3. A large number of lymphocytes infiltrated in the lobule of salivary gland in patients with immune abnormality, mainly CD4+T cells with DR antigen positive, and B cells accounted for 5%- 10%. T cells in glands produce IL-2, IL- 10 and IFN-γ, while B cells produce rheumatoid factor and immunoglobulin. Gland epithelial cells have strong HLA-II antigen body performance (which is not the case under normal circumstances), and secrete IL- 1 and IL-6. These phenomena indicate that there is a positive immune response in the gland and participate in the mechanism of tissue injury.

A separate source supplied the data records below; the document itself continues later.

Lemma weighted_avg_max (R : numDomainType) (I : finType) (q f : I -> R) (m : R) :
  (forall l, 0 <= q l) -> \sum_l q l = 1 -> (forall l, f l <= m) ->
  m <= \sum_l q l * f l -> forall j, 0 < q j -> f j = m.
Proof.
move=> q_ge0 q_sum1 f_le m_le j q_gt0.
have gap_ge0 l : true -> 0 <= q l * (m - f l) by rewrite mulr_ge0 ?subr_ge0.
have gap0 : \sum_l q l * (m - f l) = 0.
  apply/eqP; rewrite eq_le sumr_ge0 // andbT.
  rewrite (eq_bigr (fun l => q l * m - q l * f l)) => [|l _]; last by rewrite mulrBr.
  by rewrite sumrB -mulr_suml q_sum1 mul1r subr_le0.
move: (psumr_eq0P gap_ge0 gap0 (i := j) isT) => /eqP.
by rewrite mulf_eq0 gt_eqF //= subr_eq0 => /eqP.
Qed.

(** * Irreducible stochastic matrices *)

Definition mxpos_rel (R : numDomainType) (n : nat) (A : 'M[R]_n) : rel 'I_n :=
  fun a b => 0 < A a b.

Section RowStochastic.

Variables (R : realFieldType) (N : nat) (P : 'M[R]_N).
Hypotheses (P_ge0 : forall i j, 0 <= P i j) (P_row1 : forall i, \sum_j P i j = 1).

Lemma stoch_mul_ones : P *m const_mx 1 = const_mx 1 :> 'cV_N.
Proof.
by apply/colP => i; rewrite !mxE -[RHS](P_row1 i); apply: eq_bigr => j _; rewrite mxE mulr1.
Qed.

Lemma stoch_fixed_argmax (y : 'cV[R]_N) (k s : 'I_N) :
  P *m y = y -> (forall l, y l 0 <= y k 0) -> connect (mxpos_rel P) k s ->
  y s 0 = y k 0.
Proof.
move=> Py k_max k_s; apply/eqP.
apply: (connect_preserves (a := fun z => y z 0 == y k 0)) k_s (eqxx _) => i j P_ij /eqP y_i.
apply/eqP; apply: (weighted_avg_max (q := P i) (f := fun l => y l 0)) => //.
by have := congr1 (fun v : 'cV_N => v i 0) Py; rewrite mxE y_i => ->.
Qed.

Etiological classification
Autoimmunity: A variety of autoantibodies such as antinuclear antibody, rheumatoid factor, anti-RNP antibody, anti-SSA antibody, anti-SSB antibody and hyperglobulinemia were detected in patients with Sjogren's syndrome, which reflected the hyperactivity of B lymphocytes and the low inhibition of T lymphocytes. In addition, the change of T lymphocyte subsets in this disease, that is, the decrease of inhibitory T cells, reflects the abnormality of cellular immunity; Genetic basis: In the research and determination of immunogenetics, medical scientists found that HLA-DR3 and B8 in human leukocyte antigens are closely related to Sjogren's syndrome, and this correlation varies with different races, such as Western Europeans are related to HLA-B8, DR3 and DW52, and Japanese are related to HLA-DR53, indicating that Sjogren's syndrome has a genetic tendency; Virus infection: At present, it is believed that at least three viruses, such as EB virus, cytomegalovirus and HIV virus, are related to Sjogren's syndrome. Epstein-Barr virus can stimulate the proliferation of B cells and produce immunoglobulin. Some medical scientists have detected EB virus and its DNA gene in salivary gland, lacrimal gland and kidney samples of patients with primary Sjogren's syndrome.
physiopathology
Its etiology and pathogenesis are still unclear.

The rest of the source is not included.